Unlike the 1978 death penalty law, which requires the imposition of a penalty that is proportionate to the defendant’s personal moral culpability, the cruel and unusual punishments clause of the Eighth Amendment merely prohibits the imposition of a penalty that is disproportionate thereto (People v. Marshall (1990) 50 Cal.3d 907, 938 [269 Cal.Rptr. 269, 790 P.2d 676]).

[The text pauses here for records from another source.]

Lemma norm_sum_single_class_le (D : nat) (h : nat -> bool) :
  (D %| q)%N -> single_class D h ->
  `|\sum_(0 <= n < q) E n * (h n)%:R| <= (D == q)%:R.
Proof.
move=> Dq [hD h_class]; have [DqE | D_neq_q] := eqVneq D q; last first.
  have D_gt0 : (0 < D)%N by rewrite lt0n; apply: contraTneq Dq => ->; rewrite dvd0n -lt0n.
  have D_lt_q : (D < q)%N by rewrite ltn_neqAle D_neq_q dvdn_leq.
  rewrite (@sum_e_periodic_eq0 _ _ _ D (fun n => (h n)%:R)) ?D_gt0 ?normr0 //.
  by move=> n; rewrite hD.
subst D; apply: le_trans (ler_norm_sum _ _ _) _.
under eq_bigr do rewrite normrM normr_e mul1r normr_nat.
rewrite -natr_sum ler_nat big_mkord -big_mkcond /= sum1_card.
apply/card_le1_eqP => i j hi hj; apply: val_inj.
by have := h_class _ _ hi hj; rewrite !modn_small.
Qed.

Let sieve_sum (h : nat -> bool) (L : seq nat) : R[i] :=
  \sum_(0 <= n < q) E n * (h n && all (good_residue^~ (x n)) L)%:R.

Lemma sieve_sum_cons (p : nat) (L : seq nat) (h : nat -> bool) : prime p ->
  sieve_sum h (p :: L) = sieve_sum h L
    - sieve_sum (fun n => (p%:Z %| x n - 0)%Z && h n) L
    - (special p)%:R * sieve_sum (fun n => (p%:Z %| x n - 1)%Z && h n) L.
Proof.
move=> p_pr; rewrite /sieve_sum mulr_sumr -!sumrB; apply: eq_bigr => n _ /=.
rewrite subr0; case: (h n) (all (good_residue^~ (x n)) L) => [] [] /=;
  by rewrite ?andbT ?andbF ?natr_good_residue ?mulr0 ?subr0 //; ring.
Qed.

Lemma norm_sieve_sum_le (L : seq nat) (D : nat) (h : nat -> bool) :
  coprime q m -> uniq L -> all prime L -> (D * \prod_(p <- L) p %| q)%N ->
  coprime D (\prod_(p <- L) p)%N -> single_class D h ->
  `|sieve_sum h L| <= ((D * \prod_(p <- L) p == q) * 2 ^ size L)%N%:R.
Proof.
move=> coprime_qm; elim: L D h => [|p L IHL] D h /=.
  rewrite big_nil muln1 expn0 muln1 /sieve_sum => _ _ Dq _ hD.
  under eq_bigr do rewrite andbT.
  exact: norm_sum_single_class_le.
case/andP=> pL L_uniq /andP[p_pr L_prime]; rewrite big_cons => DpLq cop_D_pL hD.
have /andP[cop_Dp cop_DL] : coprime D p && coprime D (\prod_(r <- L) r)%N.
  by rewrite -coprimeMr.
have cop_pL := coprime_prod_primes p_pr L_prime pL.
have cop_pm : coprime p m.
  apply: coprime_dvdl coprime_qm; apply: dvdn_trans DpLq.
  by rewrite dvdn_mull // dvdn_mulr.
have DL_dvd : (D * \prod_(r <- L) r %| q)%N.
  by apply: dvdn_trans DpLq; rewrite dvdn_mul // dvdn_mull.
have DL_neq_q : (D * \prod_(r <- L) r == q)%N = false.
  apply/negP => /eqP DLq; move: DpLq; rewrite mulnCA DLq => /(dvdn_leq q_gt0).
  by rewrite -[leqRHS]mul1n leq_pmul2r // leqNgt prime_gt1.
have DpL_dvd : (D * p * \prod_(r <- L) r %| q)%N by rewrite -mulnA.
have cop_DpL : coprime (D * p) (\prod_(r <- L) r) by rewrite coprimeMl cop_DL cop_pL.
have bound_h := IHL D h L_uniq L_prime DL_dvd cop_DL hD.
have bound_c c := IHL (D * p)%N _ L_uniq L_prime DpL_dvd cop_DpL
  (single_class_refine c cop_Dp cop_pm hD).
rewrite DL_neq_q mul0n in bound_h.
rewrite sieve_sum_cons // mulnA expnS mulnCA mul2n -addnn natrD.
apply: le_trans (ler_normB _ _) _; apply: lerD.
  apply: le_trans (ler_normB _ _) _; rewrite -[leRHS]add0r.
  by apply: lerD; [exact: bound_h | exact: bound_c].
rewrite normrM normr_nat.
by case: (special p); rewrite ?mul1r ?mul0r //; exact: bound_c.
Qed.

Lemma sieve_sum_eq0 (p : nat) : prime p -> (p %| q)%N -> (p %| m)%N ->
  sieve_sum predT (primes q) = 0.
Proof.
move=> p_pr pq pm; rewrite /sieve_sum; set D := (q %/ p)%N.
have qE : q = (D * p)%N by rewrite divnK.
have D_gt0 : (0 < D)%N by rewrite divn_gt0 ?prime_gt0 // dvdn_leq.
have D_lt_q : (D < q)%N by rewrite ltn_Pdiv ?prime_gt1.
(* q = D p divides m D, hence x (n + D) = x n mod q *)
apply: (@sum_e_periodic_eq0 _ _ _ D) => [||| n /=]; rewrite ?D_gt0 ?D_lt_q ?dvdn_div //.
rewrite (@eq_in_all _ _ (good_residue^~ (x n))) // => r.
rewrite mem_primes => /and3P[_ _ rq] /=.
rewrite (_ : x (n + D) = x n + (m * D)%N%:Z); last by rewrite /x mulnDr PoszD addrAC.
rewrite good_residueDr // dvdzE absz_nat (dvdn_trans rq) // {1}qE mulnC.
exact: dvdn_mul.
Qed.

End Sieve.

Theorem lemma5 (R : realType) (a q J w V : nat) (b : int) :
  (0 < a)%N -> (0 < q)%N -> q != 1%N -> coprime a q ->
  (5 <= J)%N -> (10 ^ (10 ^ 10) <= w)%N ->
  amenable (WW J w) b ->
  (1 <= V)%N -> coprime q V ->
  `| \sum_(n < q | coprimez ((WW J w * V * n)%:Z + b) q%:Z
                   && coprimez ((WW J w * V * n)%:Z + b - 1) (s q)%:Z)
        e ((a * n)%:R / q%:R : R) |
  <= ((tau q)%:R * (coprime q (WW J w))%:R : R[i]).
Proof.
move=> _ q_gt0 _ aq _ _ _ _ qV; set W := WW J w; set m := (W * V)%N.
rewrite (_ : \sum_(n < q | _) _ = \sum_(0 <= n < q)
    e ((a * n)%:R / q%:R) * (all (good_residue^~ ((m * n)%:Z + b)) (primes q))%:R); last first.
  rewrite big_mkcond big_mkord; apply: eq_bigr => n _.
  by rewrite coprimez_s_primesE //; case: all; rewrite ?mulr1 ?mulr0.
have [qW | qW] := boolP (coprime q W); last first.
  have g_gt1 : (1 < gcdn q W)%N by rewrite ltn_neqAle eq_sym qW gcdn_gt0 q_gt0.
  have /andP[pq pW] : (pdiv (gcdn q W) %| q)%N && (pdiv (gcdn q W) %| W)%N.
    by rewrite -dvdn_gcd pdiv_dvd.
  by rewrite (sieve_sum_eq0 R b aq q_gt0 (pdiv_prime g_gt1) pq (dvdn_mulr V pW)) normr0 mulr0.
have qm : coprime q m by rewrite coprimeMr qW qV.
have prod_primes_q : (1 * \prod_(p <- primes q) p %| q)%N.
  by rewrite mul1n prod_primes_dvdn.
apply: le_trans (norm_sieve_sum_le R b aq q_gt0 qm (primes_uniq q) (all_prime_primes q)
  prod_primes_q (coprime1n _) single_class1) _.
rewrite mulr1 ler_nat mul1n; case: eqP => _; rewrite ?mul0n ?mul1n //.
exact: tau_ge_exp2_primes.
Qed.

In Booth v. Maryland (1987) 482 U.S. 496, 502-509 [96 L.Ed.2d 440, 448-452, 107 S.Ct. 2529], the United States Supreme Court concluded that the introduction of evidence concerning such matters as the victim’s personal characteristics, the emotional impact of the crime on the victim’s family, and the opinions of family members about the crime and the criminal—except to the extent it related directly to the circumstances of the crime—was violative of a criminal defendant’s rights under the cruel and unusual punishments clause, and that accordingly such evidence was inadmissible per se. In South Carolina v. Gathers (1989) 490 U.S. 805, 810-812 [104 L.Ed.2d 876, 882-883, 109 S.Ct. 2207], the court followed Booth and concluded that the presentation of argument relating to such matters was violative of those same rights and as such was improper per se.

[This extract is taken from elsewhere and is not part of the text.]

(* Let $t$ be a closed term and $\pi\triangleright\ \vdash^{(m,e)} t:\mathtt{n}$ a derivation (with empty type context) in the silly multi type system. Then there is a $\to_w$-normal term $n$ and a reduction sequence $d: t\to_y^* n$ such that the number of $\to_{ym}$ steps in $d$ is exactly $m$ and the number of $\to_{yeAY}$ and $\to_{yeYN}$ steps in $d$ is exactly $e$.
   Context: Terms: $t ::= x \mid \lambda x.t \mid t\,u \mid t[x\backslash u]$ ($t[x\backslash u]$ an explicit substitution binding $x$ in $t$; terms up to $\alpha$). Values $v ::= \lambda x.t$. Substitution contexts $S ::= \langle\cdot\rangle\mid S[x\backslash u]$. Weak contexts $W ::= \langle\cdot\rangle \mid W\,t \mid t\,W \mid t[x\backslash W] \mid W[x\backslash u]$. For a class of contexts $K$, $K\langle\langle t\rangle\rangle$ is plugging without capture of free variables of $t$. Root rules: $S\langle\lambda x.t\rangle u\mapsto_m S\langle t[x\backslash u]\rangle$; $K\langle\langle x\rangle\rangle[x\backslash u]\mapsto_{e_K} K\langle\langle u\rangle\rangle[x\backslash u]$; $t[x\backslash S\langle v\rangle]\mapsto_{gcv} S\langle t\rangle$ if $x\notin\mathrm{fv}(t)$. $\to_w$ is the union of the closures under weak contexts of $\mapsto_m$, $\mapsto_{e_W}$ ($K$ = weak contexts), $\mapsto_{gcv}$. Call-by-silly strategy: answers $a ::= v\mid a[x\backslash a']$; name contexts $N ::= \langle\cdot\rangle\mid N t\mid N[x\backslash t]$; auxiliary contexts $A ::= \langle\cdot\rangle\mid a[x\backslash A]\mid A[x\backslash t]$; silly contexts $Y ::= A\langle N\rangle$; $\to_{ym} := Y\langle\mapsto_m\rangle$; $\to_{yeAY} := A\langle\mapsto_{e_Y}\rangle$; $\to_{yeYN} := Y\langle\mapsto_{e_N}\rangle$; $\to_{ygcv}:=Y\langle\mapsto_{gcv}\rangle$; $\to_y$ is their union. Silly multi types: linear types $L ::= \mathtt{n} \mid M\multimap L$; multi types $M ::= [L_i]_{i\in I}$ finite multisets ($\mathbf{0}$ empty, $\uplus$ sum). Type contexts $\Gamma$ map variables to multi types with finite support; $\uplus$ pointwise; $\Gamma\setminus\!\!\setminus x$ sets $x$ to $\mathbf{0}$. Rules: (ax) $x:[L]\vdash^{(0,1)} x:L$; (many) from $(\Gamma_i\vdash^{(m_i,e_i)} t : L_i)_{i\in I}$, $I$ finite possibly empty, infer $\uplus_i\Gamma_i\vdash^{(\sum m_i,\sum e_i)} t : [L_i]_{i\in I}$; ($\mathrm{ax}_\lambda$) $\vdash^{(0,0)}\lambda x.t:\mathtt{n}$; ($\lambda$) from $\Gamma\vdash^{(m,e)}t:L$ infer $\Gamma\setminus\!\!\setminus x\vdash^{(m,e)}\lambda x.t:\Gamma(x)\multimap L$; (@) from $\Gamma\vdash^{(m,e)} t : M\multimap L$ and $\Delta\vdash^{(m',e')} u : M\uplus[\mathtt{n}]$ infer $\Gamma\uplus\Delta\vdash^{(m+m'+1,e+e')} tu : L$; (ES) from $\Gamma\vdash^{(m,e)} t:L$ and $\Delta\vdash^{(m',e')}u:\Gamma(x)\uplus[\mathtt{n}]$ infer $(\Gamma\setminus\!\!\setminus x)\uplus\Delta\vdash^{(m+m',e+e')} t[x\backslash u]:L$. *)

From mathcomp Require Import all_boot.
Set Implicit Arguments. Unset Strict Implicit. Unset Printing Implicit Defensive.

I turn again to the present case. The testimony of Rosa, Sheba, and Lakecia was not inadmissible under the cruel and unusual punishments clause. Booth and Gathers “do not extend to evidence or argument concerning the nature and circumstances of the capital offense or the effect of that offense on the victim. . . . [Neither do they] extend to evidence or argument relating to the nature and circumstances of other criminal activity involving the use or threat of force or violence or the effect of such criminal activity on the victims . . . .” (People v. Benson, supra, 52 Cal.3d at p. 797, italics added.)

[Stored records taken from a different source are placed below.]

(* Let $\mathcal{L}$ be a family of linear algebraic laws involving a single binary operation symbol. Then $\mathcal{G}(\mathcal{L})$ does not contain the empty operator, every element of $\mathcal{G}(\mathcal{L})$ admits a seed, and every seed of an element of $\mathcal{G}(\mathcal{L})$ is a pair of injective terms.
   Context: Terms are built from an infinite set of variables with one binary operation symbol $*$; addresses are finite sequences over $\{0,1\}$ ($0$ = left, $1$ = right), $t/\alpha$ is the subterm at $\alpha$. A term is injective if no variable occurs twice in it. A law $l=r$ is linear if it is balanced (same variables on both sides) and $l$, $r$ are injective. For an oriented law $L=(l,r)$ and address $\alpha$, $O^{+}_{L,\alpha}$ is the partial map sending $t$ with $t/\alpha=l\sigma$ (for a substitution $\sigma$) to the term obtained by replacing that subterm by $r\sigma$, and $O^{-}_{L,\alpha}$ is its inverse; $\mathcal{G}(\mathcal{L})$ is the monoid of partial maps generated by these under composition. A pair of terms $(l,r)$ is a seed of a partial operator $f$ if $f$, as a set of pairs, is exactly the set of all pairs $(l\sigma,r\sigma)$ with $\sigma$ a substitution. *)

From Stdlib Require Import List.
Import ListNotations.

Inductive term : Type :=
| Var : nat -> term
| Op : term -> term -> term.

(* Addresses: false = 0 = left, true = 1 = right. *)
Definition address := list bool.

Fixpoint subterm (t : term) (a : address) : option term :=
  match a, t with
  | [], _ => Some t
  | false :: a', Op t1 _ => subterm t1 a'
  | true :: a', Op _ t2 => subterm t2 a'
  | _ :: _, Var _ => None
  end.

Fixpoint replace (t : term) (a : address) (s : term) : option term :=
  match a, t with
  | [], _ => Some s
  | false :: a', Op t1 t2 =>
      match replace t1 a' s with Some t1' => Some (Op t1' t2) | None => None end
  | true :: a', Op t1 t2 =>
      match replace t2 a' s with Some t2' => Some (Op t1 t2') | None => None end
  | _ :: _, Var _ => None
  end.

Definition substitution := nat -> term.

Fixpoint subst (s : substitution) (t : term) : term :=
  match t with
  | Var x => s x
  | Op t1 t2 => Op (subst s t1) (subst s t2)
  end.

Fixpoint vars (t : term) : list nat :=
  match t with
  | Var x => [x]
  | Op t1 t2 => vars t1 ++ vars t2
  end.

Definition injective_term (t : term) : Prop := NoDup (vars t).

Definition law := (term * term)%type.

Definition balanced (L : law) : Prop :=
  forall x, In x (vars (fst L)) <-> In x (vars (snd L)).

Definition linear_law (L : law) : Prop :=
  balanced L /\ injective_term (fst L) /\ injective_term (snd L).

(* Partial operators on terms, viewed as sets of pairs (graphs). *)
Definition operator := term -> term -> Prop.

Definition Oplus (L : law) (a : address) : operator :=
  fun t u => exists s : substitution,
    subterm t a = Some (subst s (fst L)) /\ replace t a (subst s (snd L)) = Some u.

Definition Ominus (L : law) (a : address) : operator :=
  fun t u => Oplus L a u t.

Definition op_id : operator := fun t u => t = u.

(* composition: first f, then g *)
Definition op_comp (g f : operator) : operator :=
  fun t v => exists u, f t u /\ g u v.

Inductive in_G (Lfam : law -> Prop) : operator -> Prop :=
| G_id : in_G Lfam op_id
| G_plus : forall f L a, in_G Lfam f -> Lfam L -> in_G Lfam (op_comp (Oplus L a) f)
| G_minus : forall f L a, in_G Lfam f -> Lfam L -> in_G Lfam (op_comp (Ominus L a) f).

Definition empty_operator (f : operator) : Prop := forall t u, ~ f t u.

Definition seed (f : operator) (l r : term) : Prop :=
  forall t u, f t u <-> exists s : substitution, t = subst s l /\ u = subst s r.

From Stdlib Require Import List Permutation Lia Arith.
Import ListNotations.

Recently, in Payne v. Tennessee (1991) 501 U.S__[115 L.Ed.2d 720, 111 S.Ct. 2597], the court overruled Booth and Gathers to the extent that they held that evidence or argument relating to the victim’s personal characteristics or the emotional impact of the crime on the victim’s family was inadmissible or improper per se. (Id. at p__[115 L.Ed.2d at pp. 738-739, 111 S.Ct. at p. 2611].) It did not reach the holdings of those cases as to evidence or argument concerning the opinions of family members about the crime and the criminal. (Id. at p._, fn. 2 [115 L.Ed.2d at p. 739, fn. 2, 111 S.Ct. at *200p. 2611, fn. 2].) It permitted the states to allow the kind of evidence and argument at issue. (Id. at p__[115 L.Ed.2d at p. 736, 111 S.Ct. at p. 2609].) But it did not require them to do so. (See id. at p__[115 L.Ed.2d at pp. 736-737, 111 S.Ct. at p. 2609].)1
In this connection, the following observation should be made. Under the 1978 death penalty law, evidence and argument concerning the victim’s personal characteristics, the emotional impact of the crime on the victim’s family, and the opinions of family members about the crime and the criminal are generally inadmissible and improper. In the usual case at least, none of those three topics appears sufficiently relevant to any material issue. That conclusion follows from a review of the statutory aggravating and mitigating factors. It also follows from a consideration of the question that is crucial here, i.e., the defendant’s personal moral culpability. As stated above, culpability depends on both subjective guilt and objective harm. Typically, none of the three topics identified above is probative of guilt. So much is clear. But neither is any of them probative of harm. The criminal law takes account of the general injury to society as a whole that arises from crime, not the peculiar hurt suffered by any of its particular members. True, the three topics may vividly depict the latter. But they do not appreciably reveal the former.
Ill
For the reasons stated above, I concur in the affirmance of the judgment of death and in the dismissal of the purported interlocutory appeal from the determination of mental competence.

Of course, “a new [federal constitutional] rule for the conduct of criminal prosecutions”— like that of Payne—“is to be applied retroactively to all cases, state or federal, pending on direct review or not yet final, with no exception for cases in which the new rule constitutes a ‘clear break’ with the past.” (Griffith v. Kentucky (1987) 479 U.S. 314, 328 [93 L.Ed.2d 649, 661, 107 S.Ct. 708].)